Reproduce the records word for word, from the first line to the line containing "by rewrite -(lss_glue_block".
DATA FOR THIS TASK section start
Lemma glue_block_inj H1 H2 F1 F2 :
  F1 \in family (block_choice q H1) -> F2 \in family (block_choice q H2) ->
  (forall a b, glue_block F1 a b = glue_block F2 a b) -> F1 = F2.
Proof.
move=> /familyP F1_choice /familyP F2_choice F12; apply/ffunP => -[a b].
have := F12 a b; have := F1_choice (a, b); have := F2_choice (a, b).
rewrite /block_choice /glue_block /=.
case: (ltngtP a b) => [_ _ _ // | _ | /val_inj <-].
  by rewrite !inE => /eqP-> /eqP->.
by move=> F2_up F1_up /(strict_upper_symmx_inj F1_up F2_up).
Qed.

Lemma glue_inj H1 H2 F1 F2 : is_graph H1 -> is_graph H2 ->
  F1 \in family (block_choice q H1) -> F2 \in family (block_choice q H2) ->
  glue F1 = glue F2 -> H1 = H2 /\ F1 = F2.
Proof.
move=> H1_graph H2_graph F1_choice F2_choice F12.
have blocks12 a b : glue_block F1 a b = glue_block F2 a b by rewrite -!block_glue F12.
split; last exact: glue_block_inj F1_choice F2_choice blocks12.
apply/matrixP => a b; apply: negb_inj.
rewrite -(lss_glue_block a b H1_graph F1_choice).
by rewrite -(lss_glue_block a b H2_graph F2_choice) blocks12.
Qed.

Lemma glue_entangled H F a : is_graph H -> deg H a == 1 ->
  F \in family (block_choice q H) ->
  has_edge (glue F) /\ ~ separable (norm_laplacian (glue F)).
Proof.
move=> H_graph Ha_pendant F_choice.
have /cards1P[c Ha] : #|[set b | H a b]| == 1 by rewrite -sum1dep_card big_mkcond.
have Hac b : H a b = (b == c) by rewrite -in_set1 -Ha inE.
apply: (unique_nonlss_block_entangled (a := a) (c := c)).
- exact: glue_is_graph F_choice.
- by rewrite block_glue (lss_glue_block _ _ H_graph F_choice) Hac eqxx.
- move=> b /negPf b_neq_c.
  by rewrite block_glue (lss_glue_block _ _ H_graph F_choice) Hac b_neq_c.
Qed.

End Glue.

Lemma card_family_prod (aT rT : finType) (F : aT -> {set rT}) :
  #|family F| = \prod_x #|F x|.
Proof.
rewrite card_family /image_mem -big_enum /=.
by elim: (enum _) => [|x s IH]; rewrite ?big_nil ?big_cons //= IH.
Qed.

Lemma cards_sum (T : finType) (P : pred T) : #|[set x | P x]| = \sum_x P x.
Proof. by rewrite -sum1dep_card big_mkcond. Qed.

Lemma prod_nat_cond_const (T : finType) (P : pred T) n :
  \prod_(x | P x) n = n ^ #|[set x | P x]|.
Proof. by rewrite -prod_nat_const; apply: eq_bigl => x; rewrite inE. Qed.

Lemma card_dep_pairs (I T : finType) (P : pred I) (A : I -> {pred T}) :
  #|[set t : I * T | P t.1 && (t.2 \in A t.1)]| = \sum_(i | P i) #|A i|.
Proof.
rewrite -sum1dep_card; under [RHS]eq_bigr do rewrite -sum1_card.
by rewrite pair_big_dep.
Qed.

Definition lt_pairs n := [set ab : 'I_n * 'I_n | ab.1 < ab.2].

Lemma sum_sym_irrefl n (R : rel 'I_n) : symmetric R -> irreflexive R ->
  \sum_a \sum_b R a b = 2 * #|[set ab in lt_pairs n | R ab.1 ab.2]|.
Proof.
move=> R_sym R_irr.
have R_split a b : (R a b : nat) = ((a < b) && R a b) + ((b < a) && R b a).
  by case: (ltngtP a b) => [_|_|/val_inj ->]; rewrite ?ltnn ?R_irr ?(R_sym a b) ?addn0.
under eq_bigr do under eq_bigr do rewrite R_split.
under eq_bigr do rewrite big_split.
rewrite big_split /= [X in _ + X]exchange_big /= addnn -mul2n cards_sum pair_bigA.
by congr (2 * _); apply: eq_bigr => -[a b] _; rewrite inE.
Qed.

Lemma card_lt_pairs n : #|lt_pairs n| = n * n.-1 %/ 2.
Proof.
have neq_sym : symmetric (fun a b : 'I_n => a != b) by move=> a b; rewrite eq_sym.
have neq_irr : irreflexive (fun a b : 'I_n => a != b) by move=> a; rewrite eqxx.
have := sum_sym_irrefl neq_sym neq_irr.
have -> : [set ab in lt_pairs n | ab.1 != ab.2] = lt_pairs n.
  by apply/setP => ab; rewrite !inE andb_idr // -val_eqE => lt_ab; rewrite neq_ltn lt_ab.
have row (a : 'I_n) : \sum_(b < n) (a != b : nat) = n.-1.
  have -> : n.-1 = #|[set b | b != a]|.
    rewrite (_ : [set b | b != a] = [set~ a]) ?cardsC1 ?card_ord //.
    by apply/setP => b; rewrite !inE.
  by rewrite cards_sum; apply: eq_bigr => b _; rewrite eq_sym.
under eq_bigr do rewrite row.
by rewrite sum_nat_const card_ord => ->; rewrite mulKn.
Qed.

Lemma card_diag_pairs n :
  #|[set ab : 'I_n * 'I_n | (ab \notin lt_pairs n) && ~~ (ab.2 < ab.1)]| = n.
Proof.
transitivity (\sum_(a < n) \sum_(b < n) ((a, b) \notin lt_pairs n) && ~~ (b < a));
  first by rewrite cards_sum pair_bigA; apply: eq_bigr => -[a b].
rewrite -[RHS]card_ord -sum1_card; apply: eq_bigr => a _.
rewrite (bigD1 a) //= inE ltnn big1 // => b /negPf ba; rewrite inE /=.
by case: ltngtP => // /val_inj eq_ab; rewrite eq_ab eqxx in ba.
Qed.

Section EdgePairs.
Variables (n i : nat) (H : 'M[bool]_n).
Hypotheses (H_graph : is_graph H) (H_sum : \sum_a \sum_b (H a b : nat) = 2 * i).

Lemma card_edge_pairs : #|[set ab in lt_pairs n | H ab.1 ab.2]| = i.
Proof.
have := @sum_sym_irrefl n (fun a b => H a b).
move=> /(_ (fun a b => is_graph_sym a b H_graph) (fun a => is_graph_irrefl a H_graph)).
by rewrite H_sum => /eqP; rewrite eqn_mul2l => /eqP.
Qed.

Lemma card_nonedge_pairs :
  #|[set ab in lt_pairs n | ~~ H ab.1 ab.2]| = n * n.-1 %/ 2 - i.
Proof.
have -> : [set ab in lt_pairs n | ~~ H ab.1 ab.2] = lt_pairs n :\: [set ab | H ab.1 ab.2].
  by apply/setP => ab; rewrite !inE andbC.
rewrite -card_lt_pairs -card_edge_pairs setIdE.
by rewrite -(cardsID [set ab | H ab.1 ab.2] (lt_pairs n)) addKn.
Qed.

End EdgePairs.

Lemma card_strict_upper q : #|strict_upper q| = 2 ^ (q * q.-1 %/ 2).
Proof.
pose mx_of (S : {set 'I_q * 'I_q}) : 'M[bool]_q := (\matrix_(x, y) ((x, y) \in S))%R.
have -> : strict_upper q = mx_of @: powerset (lt_pairs q).
  apply/setP => B; rewrite inE; apply/forallP/imsetP => [B_up | [S]].
    exists [set xy | B xy.1 xy.2]; last by apply/matrixP => x y; rewrite !mxE inE.
    rewrite powersetE; apply/subsetP => -[x y]; rewrite !inE /= => Bxy.
    by have /forallP/(_ y)/implyP := B_up x; apply.
  rewrite powersetE => /subsetP S_lt -> x; apply/forallP => y; apply/implyP.
  by rewrite mxE => /S_lt; rewrite inE.
rewrite card_imset ?card_powerset ?card_lt_pairs // => S T /matrixP ST.
by apply/setP => -[x y]; have := ST x y; rewrite !mxE.
Qed.

Lemma card_not_lss q : #|~: lss_mx q| = N_e q.
Proof. by rewrite cardsCs setCK card_mx card_bool. Qed.
(* The series $\Psi_0^+(x)=\tau([x])$ and $\Psi_0^-(x)=\tau(-[x])$ satisfy \[ \big(\beta D-S(R_+)\big)\Psi_0^+(x)=0,\qquad \big(\beta D+S(R_-)\big)\Psi_0^-(x)=0, \] where $S(R_\pm)=\sum_{k=1}^L ks_kR_\pm^k$.
   Context: Let $G(z)=1+\sum_{k=1}^Mg_kz^k$ be a polynomial, $\beta,\gamma$ formal parameters, ${\bf s}=(s_1,s_2,\dots)$ with only $s_1,\dots,s_L$ nonzero and $S(z)=\sum_{k=1}^Lks_kz^k$. For a partition $\lambda$ let $r_\lambda=\prod_{(i,j)\in\lambda}G((j-i)\beta)$ (boxes $(i,j)$, $i$ = row, $j$ = column), and $\tau({\bf t})=\sum_\lambda\gamma^{|\lambda|}r_\lambda s_\lambda({\bf t})s_\lambda(\beta^{-1}{\bf s})$, Schur functions being written in ${\bf t}=(t_1,t_2,\dots)$ with $p_i=it_i$, and $\beta^{-1}{\bf s}=(\beta^{-1}s_1,\dots)$. Here $[x]=(x,x^2/2,x^3/3,\dots)$. $D=x\,d/dx$, and $R_\pm=\gamma xG(\pm\beta D)$ acts on formal series in $x$ by $R_\pm(x^j)=\gamma G(\pm\beta j)x^{j+1}$. *)

From HB Require Import structures.
From mathcomp Require Import all_boot all_order all_algebra.
Set Implicit Arguments. Unset Strict Implicit. Unset Printing Implicit Defensive.
Import Order.TTheory GRing.Theory Num.Theory.
Local Open Scope ring_scope.

Section Defs.
Variable K : fieldType.

Fixpoint seqs_upto (k n : nat) : seq (seq nat) :=
  match k with
  | 0 => [:: [::]]
  | k'.+1 => [::] :: [seq a :: l | a <- iota 1 n, l <- seqs_upto k' n]
  end.

Definition is_partition (n : nat) (l : seq nat) : bool :=
  [&& sorted geq l, all (fun a => 0 < a)%N l & sumn l == n].

Definition partitions (n : nat) : seq (seq nat) :=
  [seq l <- seqs_upto n n | is_partition n l].

(* t : nat -> {poly K}, with t i = t_i (t 0 is unused); p_i = i t_i.
   complete homogeneous h_k(t), defined by sum_k h_k z^k = exp(sum_i t_i z^i),
   i.e. h_0 = 1 and k h_k = sum_{i=1}^k p_i h_{k-i}. *)
Fixpoint hseq (t : nat -> {poly K}) (k : nat) : seq {poly K} :=
  match k with
  | 0 => [:: 1]
  | k'.+1 =>
      let s := hseq t k' in
      rcons s ((k'.+1)%:R^-1 *:
                 \sum_(i < k'.+1) ((i.+1)%:R *: t i.+1) * nth 0 s (k' - i))
  end.

Definition hcomp (t : nat -> {poly K}) (m : int) : {poly K} :=
  match m with
  | Posz k => nth 0 (hseq t k) k
  | Negz _ => 0
  end.

(* Jacobi-Trudi: s_lambda(t) = det (h_{lambda_i - i + j}(t)) *)
Definition schur (t : nat -> {poly K}) (l : seq nat) : {poly K} :=
  \det (\matrix_(i < size l, j < size l)
          hcomp t ((nth 0 l i)%:Z - (i : nat)%:Z + (j : nat)%:Z)).

(* Miwa variables [x] = (x, x^2/2, x^3/3, ...) as polynomials in x *)
Definition miwa (i : nat) : {poly K} := (i%:R)^-1 *: 'X^i.
Definition neg_miwa (i : nat) : {poly K} := - miwa i.

Definition Gfun (M : nat) (g : nat -> K) (z : K) : K :=
  1 + \sum_(1 <= k < M.+1) g k * z ^+ k.

Definition svec (L : nat) (s : nat -> K) (i : nat) : K :=
  if (0 < i <= L)%N then s i else 0.

(* beta^{-1} s as (constant) times *)
Definition tsb (beta : K) (L : nat) (s : nat -> K) (i : nat) : {poly K} :=
  (beta^-1 * svec L s i)%:P.

Definition rlam (M : nat) (g : nat -> K) (beta : K) (l : seq nat) : K :=
  \prod_(i < size l) \prod_(j < nth 0 l i)
     Gfun M g (((j : nat)%:R - (i : nat)%:R) * beta).

(* tau(t) evaluated at t = tx, where tx is a homogeneous specialisation
   (s_lambda(tx) homogeneous of degree |lambda| in x): coefficient of x^n is
   sum over partitions of n. *)
Definition tau_at (M : nat) (g : nat -> K) (beta gamma : K) (L : nat)
  (s : nat -> K) (tx : nat -> {poly K}) (n : nat) : K :=
  \sum_(l <- partitions n)
     gamma ^+ n * rlam M g beta l * (schur tx l)`_n
       * (schur (tsb beta L s) l)`_0.

Definition Dop (f : nat -> K) (n : nat) : K := n%:R * f n.

(* R_pm = gamma x G(pm beta D) : x^j |-> gamma G(pm beta j) x^{j+1} *)
Definition Rop (M : nat) (g : nat -> K) (beta gamma : K) (sign : K)
  (f : nat -> K) (n : nat) : K :=
  match n with
  | 0 => 0
  | m.+1 => gamma * Gfun M g (sign * beta * m%:R) * f m
  end.

Definition Sop (L : nat) (s : nat -> K) (R : (nat -> K) -> nat -> K)
  (f : nat -> K) (n : nat) : K :=
  \sum_(1 <= k < L.+1) k%:R * s k * iter k R f n.

End Defs.

(* Under the Miwa specialisation t = [x] (resp. t = -[x]) every Schur function
   s_lambda(t) vanishes unless lambda is a single row (resp. a single column),
   so Psi_0^+ = sum_n gamma^n r_(n) h_n(beta^-1 s) x^n and, since Jacobi-Trudi
   gives e_n(t) = (-1)^n h_n(-t),
   Psi_0^- = sum_n gamma^n r_(1^n) h_n(-beta^-1 s) x^n.
   On such series R_+ (resp. R_-) shifts h_n down by one index while extending
   the content product of the row (resp. column) by one box, so the equations
   reduce to Newton's identities n h_n(t) = sum_i i t_i h_(n-i)(t). *)

From mathcomp Require Import all_boot all_order all_algebra.
From mathcomp Require Import ring zify.
Set Implicit Arguments.
Unset Strict Implicit.
Unset Printing Implicit Defensive.

Import GRing.Theory Num.Theory.
Local Open Scope ring_scope.

Section CauchyProduct.
Variable R : comNzRingType.
Implicit Types a b c p q : nat -> R.

Definition conv a b (m : nat) : R := \sum_(j < m.+1) a j * b (m - j)%N.

(* With p 0 = 0: as formal series, a = a 0 * exp (sum_(i > 0) p i z^i / i). *)
Definition newton p a := forall m : nat, m%:R * a m = conv p a m.

Lemma eq_conv a1 a2 b1 b2 : a1 =1 a2 -> b1 =1 b2 -> conv a1 b1 =1 conv a2 b2.
Proof. by move=> ea eb m; apply: eq_bigr => j _; rewrite ea eb. Qed.

Lemma eq_newton p1 p2 a : p1 =1 p2 -> newton p1 a -> newton p2 a.
Proof. by move=> ep Da m; rewrite Da; apply: eq_conv. Qed.

Lemma coef_poly_truncM n a (P : {poly R}) k : (k <= n)%N ->
  (\poly_(i < n.+1) a i * P)`_k = \sum_(j < k.+1) a j * P`_(k - j).
Proof.
move=> le_kn; rewrite coefM; apply: eq_bigr => j _.
by rewrite coef_poly ifT //; have := ltn_ord j; lia.
Qed.

Lemma coefM_poly_trunc n (P : {poly R}) b k : (k <= n)%N ->
  (P * \poly_(i < n.+1) b i)`_k = \sum_(j < k.+1) P`_j * b (k - j)%N.
Proof.
move=> le_kn; rewrite coefM; apply: eq_bigr => j _.
by rewrite coef_poly ifT //; lia.
Qed.

Lemma coef_conv_poly n a b k : (k <= n)%N ->
  (\poly_(i < n.+1) a i * \poly_(i < n.+1) b i)`_k = conv a b k.
Proof.
move=> le_kn; rewrite coefM_poly_trunc //; apply: eq_bigr => j _.
by rewrite coef_poly ifT //; have := ltn_ord j; lia.
Qed.

Lemma convC a b : conv a b =1 conv b a.
Proof. by move=> m; rewrite -!(coef_conv_poly _ _ (leqnn m)) mulrC. Qed.

Lemma convA a b c : conv (conv a b) c =1 conv a (conv b c).
Proof.
move=> m; pose P f := \poly_(i < m.+1) f i : {poly R}.
transitivity ((P a * P b * P c)`_m).
  rewrite coefM_poly_trunc //; apply: eq_bigr => j _.
  by rewrite coef_conv_poly // -ltnS.
rewrite -mulrA coef_poly_truncM //; apply: eq_bigr => j _.
by rewrite coef_conv_poly // leq_subr.
Qed.

Lemma conv_leibniz a b m : m%:R * conv a b m =
  conv (fun i => i%:R * a i) b m + conv a (fun i => i%:R * b i) m.
Proof.
rewrite mulr_sumr -big_split; apply: eq_bigr => j _ /=.
have -> : m%:R = j%:R + (m - j)%:R :> R by rewrite -natrD subnKC // -ltnS.
ring.
Qed.

Lemma newton_conv p q a b : newton p a -> newton q b ->
  newton (fun i => p i + q i) (conv a b).
Proof.
move=> Da Db m; rewrite conv_leibniz.
have -> : conv (fun i => i%:R * a i) b m = conv p (conv a b) m.
  by rewrite -convA; apply: eq_conv.
have -> : conv a (fun i => i%:R * b i) m = conv q (conv a b) m.
  rewrite (eq_conv (frefl a) Db) -convA (eq_conv (convC a q) (frefl b)).
  by rewrite convA.
by rewrite -big_split; apply: eq_bigr => j _; rewrite mulrDl.
Qed.

End CauchyProduct.

Section HessenbergToeplitz.
Variable R : comNzRingType.

Lemma det_rows_proportional n (A : 'M[R]_n) (i0 i1 : 'I_n) (c : R) :
  i0 != i1 -> (forall j, A i0 j = c * A i1 j) -> \det A = 0.
Proof.
move=> ne_i01 Ai0.
pose B := \matrix_(i, j) (if i == i0 then A i1 j else A i j).
rewrite (@determinant_multilinear _ _ A B A i0 c 0).
- rewrite (@determinant_alternate _ _ B i0 i1) ?mulr0 ?mul0r ?addr0 //.
  by move=> j; rewrite !mxE eqxx eq_sym (negbTE ne_i01).
- by apply/rowP => j; rewrite !mxE eqxx mul0r addr0 Ai0.
- by apply/matrixP => i j; rewrite !mxE eq_sym (negbTE (neq_lift _ _)).
- by [].
Qed.

(* By Cramer's rule u_n is the (n, 0) cofactor of the unitriangular Toeplitz
   matrix (h_(i-j))_(i,j<=n), whose corresponding minor is A. *)
Lemma det_hessenberg_toeplitz (h : int -> R) (u : nat -> R) n (A : 'M[R]_n) :
  h 0 = 1 -> (forall k, h (Negz k) = 0) ->
  (forall m, conv u (fun k : nat => h k) m = (m == 0)%:R) ->
  (forall i j : 'I_n, A i j = h (1 - (i : nat)%:Z + (j : nat)%:Z)) ->
  \det A = (-1) ^+ n * u n.
Proof.
move=> h0 h_neg u_inv defA.
have h_lt0 (z : int) : z < 0 -> h z = 0 by case: z.
pose T : 'M[R]_n.+1 := \matrix_(i, j) h ((i : nat)%:Z - (j : nat)%:Z).
have detT : \det T = 1.
  rewrite det_trig; last first.
    by apply/is_trig_mxP => i j lt_ij; rewrite mxE h_lt0 // subr_lt0 ltz_nat.
  by rewrite big1 // => i _; rewrite mxE subrr.
pose e0 : 'cV[R]_n.+1 := \col_i ((i : nat) == 0%N)%:R.
have Tu : T *m \col_i u i = e0.
  apply/colP => i; rewrite !mxE -u_inv /conv.
  rewrite (big_ord_widen _ (fun j => u j * h (i - j)%N) (ltn_ord i)).
  rewrite [RHS]big_mkcond; apply: eq_bigr => j _; rewrite !mxE.
  case: ifP => lt_ji; first by rewrite subzn 1?mulrC // -ltnS.
  by rewrite h_lt0 ?mul0r // subr_lt0 ltz_nat ltnNge -ltnS lt_ji.
have u_adj : \col_i u i = \adj T *m e0.
  by rewrite -Tu mulmxA mul_adj_mx detT mul1mx.
have := congr1 (fun v : 'cV[R]_n.+1 => v ord_max 0) u_adj.
rewrite !mxE big_ord_recl big1 => [|j _]; last by rewrite !mxE mulr0.
rewrite !mxE /= mulr1 /cofactor add0n addr0 => ->.
rewrite signrMK -det_tr; congr (\det _).
apply/matrixP => i j; rewrite !mxE defA lift0 lift_max.
by congr h; rewrite -addn1 PoszD; ring.
Qed.

End HessenbergToeplitz.

Lemma newton_coef0 (R : comNzRingType) (p a : nat -> {poly R}) :
  newton p a -> newton (fun i => (p i)`_0) (fun i => (a i)`_0).
Proof.
move=> Da m; rewrite mulr_natl -coefMn -mulr_natl Da coef_sum.
by apply: eq_bigr => j _; rewrite coef0M.
Qed.

Section CompleteHomogeneous.
Variables (K : fieldType) (Kchar0 : [pchar K] =i pred0).
Implicit Types t : nat -> {poly K}.

Lemma natrS_neq0 n : n.+1%:R != 0 :> K.
Proof. by rewrite (pcharf0P _).1. Qed.

Lemma size_hseq t k : size (hseq t k) = k.+1.
Proof. by elim: k => [|k IH] //=; rewrite size_rcons IH. Qed.

Lemma nth_hseq t k j : (j <= k)%N -> nth 0 (hseq t k) j = hcomp t j.
Proof.
elim: k => [|k IH]; first by rewrite leqn0 => /eqP ->.
rewrite leq_eqVlt => /orP [/eqP -> //| lt_jk].
by rewrite /= nth_rcons size_hseq lt_jk IH.
Qed.

Lemma hcompS t k : hcomp t k.+1 =
  k.+1%:R^-1 *: \sum_(i < k.+1) (i.+1%:R *: t i.+1) * hcomp t (k - i)%N.
Proof.
rewrite /hcomp /= nth_rcons size_hseq ltnn eqxx.
by congr (_ *: _); apply: eq_bigr => i _; rewrite nth_hseq ?leq_subr.
Qed.

Lemma eq_hcomp t1 t2 : t1 =1 t2 -> hcomp t1 =1 hcomp t2.
Proof.
move=> et [k|] //=; suff -> : hseq t1 k = hseq t2 k by [].
elim: k => //= k ->; congr (rcons _ (_ *: _)).
by apply: eq_bigr => i _; rewrite et.
Qed.

Lemma hcomp_newton t : newton (fun i => i%:R *: t i) (fun k : nat => hcomp t k).
Proof.
case=> [|k]; first by rewrite /conv big_ord1 scale0r !mul0r.
rewrite /conv big_ord_recl scale0r mul0r add0r hcompS mulr_natl -scaler_nat.
rewrite scalerA mulfV ?natrS_neq0 // scale1r.
by apply: eq_bigr => i _; rewrite subSS.
Qed.

Lemma hcomp_coef0_newton t :
  newton (fun i => i%:R * (t i)`_0) (fun k : nat => (hcomp t k)`_0).
Proof.
apply: eq_newton (newton_coef0 (hcomp_newton t)) => i.
by rewrite coefZ.
Qed.

Lemma hcomp_conv_opp t m :
  conv (fun k : nat => hcomp t k) (fun k : nat => hcomp (fun i => - t i) k) m =
  (m == 0)%:R.
Proof.
case: m => [|m]; first by rewrite /conv big_ord1 mulr1.
have := newton_conv (hcomp_newton t) (hcomp_newton (fun i => - t i)) m.+1.
rewrite [in RHS]/conv big1 => [/eqP|i _]; last by rewrite scalerN addrN mul0r.
by rewrite mulr_natl -scaler_nat scaler_eq0 (negPf (natrS_neq0 _)) => /eqP.
Qed.

Lemma hcomp_miwa (k : nat) : hcomp (@miwa K) k = 'X^k.
Proof.
elim/ltn_ind: k => -[_|k IH]; first by rewrite expr0.
rewrite hcompS (eq_bigr (fun _ => 'X^(k.+1))) => [|i _].
  by rewrite sumr_const card_ord -scaler_nat scalerA mulVf ?natrS_neq0 ?scale1r.
rewrite IH ?ltnS ?leq_subr // /miwa scalerA mulfV ?natrS_neq0 // scale1r -exprD.
by rewrite addSn subnKC // -ltnS.
Qed.

(* h(-[x]) inverts the series (x^k)_k, so it is (1, -x, 0, 0, ...). *)
Lemma hcomp_neg_miwa (k : nat) : (1 < k)%N -> hcomp (@neg_miwa K) k = 0.
Proof.
case: k => [|[|k]] // _.
pose x (k : nat) := hcomp (@miwa K) k.
pose e (k : nat) := hcomp (fun i => - @miwa K i) k.
have conv_step m : conv x e m.+1 = e m.+1 + 'X * conv x e m.
  rewrite /conv big_ord_recl /x hcomp_miwa mul1r mulr_sumr; congr (_ + _).
  by apply: eq_bigr => i _; rewrite !hcomp_miwa exprS subSS mulrA.
by have := conv_step k.+1; rewrite !hcomp_conv_opp mulr0 addr0 => /esym.
Qed.

End CompleteHomogeneous.

Definition row_part (n : nat) : seq nat := if n is 0 then [::] else [:: n].

Lemma uniq_seqs_upto k n : uniq (seqs_upto k n).
Proof.
elim: k => [|k IH] //=; apply/andP; split.
  by apply/negP => /allpairsP [[x y] [_ _]].
apply: allpairs_uniq => //; first exact: iota_uniq.
by move=> [x1 y1] [x2 y2] _ _ /= [-> ->].
Qed.

Lemma mem_seqs_upto k n l :
  (size l <= k)%N -> all (fun a => 0 < a <= n)%N l -> l \in seqs_upto k n.
Proof.
elim: k l => [|k IH] [|a l] //= size_l /andP [a_in l_in].
rewrite inE; apply/orP; right; apply/allpairsP; exists (a, l) => /=.
by split => //; [rewrite mem_iota add1n ltnS | apply: IH].
Qed.

Lemma uniq_partitions n : uniq (partitions n).
Proof. exact/filter_uniq/uniq_seqs_upto. Qed.

Lemma row_part_mem n : row_part n \in partitions n.
Proof.
case: n => [|n] //; rewrite mem_filter mem_seqs_upto //= ?leqnn //.
by rewrite /is_partition /= addn0 eqxx.
Qed.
DATA FOR THIS TASK section end
▶ WRITTEN RESPONSE:
Lemma glue_block_inj H1 H2 F1 F2 :
  F1 \in family (block_choice q H1) -> F2 \in family (block_choice q H2) ->
  (forall a b, glue_block F1 a b = glue_block F2 a b) -> F1 = F2.
Proof.
move=> /familyP F1_choice /familyP F2_choice F12; apply/ffunP => -[a b].
have := F12 a b; have := F1_choice (a, b); have := F2_choice (a, b).
rewrite /block_choice /glue_block /=.
case: (ltngtP a b) => [_ _ _ // | _ | /val_inj <-].
  by rewrite !inE => /eqP-> /eqP->.
by move=> F2_up F1_up /(strict_upper_symmx_inj F1_up F2_up).
Qed.

Lemma glue_inj H1 H2 F1 F2 : is_graph H1 -> is_graph H2 ->
  F1 \in family (block_choice q H1) -> F2 \in family (block_choice q H2) ->
  glue F1 = glue F2 -> H1 = H2 /\ F1 = F2.
Proof.
move=> H1_graph H2_graph F1_choice F2_choice F12.
have blocks12 a b : glue_block F1 a b = glue_block F2 a b by rewrite -!block_glue F12.
split; last exact: glue_block_inj F1_choice F2_choice blocks12.
apply/matrixP => a b; apply: negb_inj.
rewrite -(lss_glue_block a b H1_graph F1_choice).
by rewrite -(lss_glue_block a b H2_graph F2_choice) blocks12.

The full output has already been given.